In a nutshell they had to agree that they would:

– Ensure advertised discounts are “accurate, honest and transparent”
– Ensure “terms and conditions are fair”
– Apply “the rules on refunds and cancellation rights”
– Conduct “an accurate, honest and realistic assessment that a trader can offer the goods and services in the quantity and the timeframe suggested.”

But Groupon aren’t the only ones at fault here. A lot of sellers need to wise up to the opportunity that exposure from an Internet giant like Groupon can provide. Rather than thinking of ways to claw back a profit from customers on a discounted deal they need to think of it as an incredible advertising and PR opportunity.

It’s a chance to showcase a business, not create bad press and disgruntled customers.

A friend of mine is currently booking a slot with Groupon to promote their business and from what I’ve heard so far the process has been promising: well managed and realistic.

Love em’ or hate ’em,  sites like Groupon offer an great opportunity for small businesses to get their name out there and attract new customers. If you’re signed up to the weekly Insider’s Edge email I’ll let you know what happens.

An inspiring lesson in humility from the CEO of Groupon, Andy Mason, who was fired last month

Everything about Groupon is whirlwind and last month Andy Mason the CEO of Groupon was ousted by the board. Here’s what he sent to his staff on his departure.

(This is a transcript of the email he sent to staff):


andrew mason
Andrew Mason, Former CEO of Groupon

People of Groupon,

After four and a half intense and wonderful years as CEO of Groupon, I’ve decided that I’d like to spend more time with my family. Just kidding I was fired today. If you’re wondering why… you haven’t been paying attention. From controversial metrics in our S1 to our material weakness to two quarters of missing our own expectations and a stock price that’s hovering around one quarter of our listing price, the events of the last year and a half speak for themselves. As CEO, I am accountable.

You are doing amazing things at Groupon, and you deserve the outside world to give you a second chance. I’m getting in the way of that. A fresh CEO earns you that chance. The board is aligned behind the strategy we’ve shared over the last few months, and I’ve never seen you working together more effectively as a global company it’s time to give Groupon a relief valve from the public noise.

For those who are concerned about me, please don’t be I love Groupon, and I’m terribly proud of what we’ve created. I’m OK with having failed at this part of the journey. If Groupon was Battletoads, it would be like I made it all the way to the Terra Tubes without dying on my first ever play through. I am so lucky to have had the opportunity to take the company this far with all of you. I’ll now take some time to decompress (FYI I’m looking for a good fat camp to lose my Groupon 40, if anyone has a suggestion), and then maybe I’ll figure out how to channel this experience into something productive.

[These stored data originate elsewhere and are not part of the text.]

(* In the system $\mathbf{BTC}$ with summation (defined in the context), for every tuplix term $t$, every data variable $u$ and every data term $p$ with $u\notin\mathit{Var}(p)$, the following identities are derivable: \[ \textstyle\sum_u (t\oplus\gamma(u-p)) = t[p/u],\qquad \sum_u t = t[p/u]+\sum_u t,\qquad \sum_u t = t[p/u]+\sum_u (t\oplus\tilde\gamma(u-p)). \]
   Context: Data: a non-trivial cancellation meadow is a commutative ring with unit with a total unary operation $(\cdot)^{-1}$ satisfying $(u^{-1})^{-1}=u$, $u\cdot(u\cdot u^{-1})=u$, $0\neq 1$ and the cancellation law ($u\neq 0$ and $uv=uw$ imply $v=w$). Fix such a $\mathcal{D}$. Data terms are built from data variables, constants $0,1$, binary $+,\cdot$ and unary $-$, $(\cdot)^{-1}$; $p/q$ abbreviates $p\cdot q^{-1}$, $p-q$ abbreviates $p+(-q)$; $\mathit{Var}(p)$ is the set of data variables in $p$. Fix a nonempty attribute set $A$. Tuplix terms are built from tuplix variables, constants $\epsilon,\delta$, entries $a(p)$ ($a\in A$), zero tests $\gamma(p)$, binary operators $\oplus$ and $+$, and, for each data variable $u$, the unary binder $\sum_u$ (binding $u$). $\tilde\gamma(p)$ abbreviates $\gamma(1-p/p)$. $\mathit{FV}(t)$ is the set of free data variables of $t$, and $t[p/u]$ is capture-avoiding substitution of $p$ for the free occurrences of $u$ in $t$ (bound variables renamed as needed). The proof system (two-sorted equational logic) has axioms (T1) $x\oplus y=y\oplus x$; (T2) $(x\oplus y)\oplus z=x\oplus(y\oplus z)$; (T3) $x\oplus\epsilon=x$; (T4) $x\oplus\delta=\delta$; (T5) $a(u)\oplus a(v)=a(u+v)$; (T6) $\gamma(u)=\gamma(u/u)$; (T7) $\gamma(0)=\epsilon$; (T8) $\gamma(1)=\delta$; (T9) $\gamma(u)\oplus\gamma(v)=\gamma(u/u+v/v)$; (T10) $\gamma(u-v)\oplus a(u)=\gamma(u-v)\oplus a(v)$; (C1) $x+y=y+x$; (C2) $(x+y)+z=x+(y+z)$; (C3) $x+x=x$; (C4) $x+\delta=x$; (C5) $x\oplus(y+z)=(x\oplus y)+(x\oplus z)$; (C6) $\gamma(u)+\gamma(v)=\gamma(uv)$; and the schemes, for tuplix terms $s,t$ and data term $p$: (S1) $\sum_u t=t$ if $u\notin\mathit{FV}(t)$; (S2) $\sum_u t=\sum_v t[v/u]$ if $v\notin\mathit{FV}(t)$; (S3) $\sum_u(s\oplus t)=s\oplus\sum_u t$ if $u\notin\mathit{FV}(s)$; (S4) $\sum_u(s+t)=\sum_u s+\sum_u t$; (S5) $\sum_u\gamma(u-p)=\epsilon$ if $u\notin\mathit{Var}(p)$; (S6) $\sum_u\tilde\gamma(u-p)=\epsilon$ if $u\notin\mathit{Var}(p)$; plus the rule (DE): if $\mathcal{D}\models p=q$ then $\gamma(p)=\gamma(q)$. *)

From HB Require Import structures.
From mathcomp Require Import all_boot all_order all_algebra.
Set Implicit Arguments. Unset Strict Implicit. Unset Printing Implicit Defensive.
Import GRing.Theory.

If there’s one piece of wisdom that this simple pilgrim would like to impart upon you: have the courage to start with the customer. My biggest regrets are the moments that I let a lack of data override my intuition on what’s best for our customers. This leadership change gives you some breathing room to break bad habits and deliver sustainable customer happiness don’t waste the opportunity!

I will miss you terribly.




I think this is a great lesson for anyone starting or developing a business.

Don’t forget the customer, keep an eye on the details and don’t be afraid to own your mistakes – otherwise you’ll keep making them.

If Groupon can listen to their ex-CEO and learn from his mistakes and ability to reflect, I think they’ll be a company worth watching in the future.


One response to “What we can learn from Groupon’s ‘fired’ CEO”

  1. Thanks for sharing that letter from Andrew Mason – what a truly inspiring guy. Whoever is lucky enough to hire him is in for a real treat!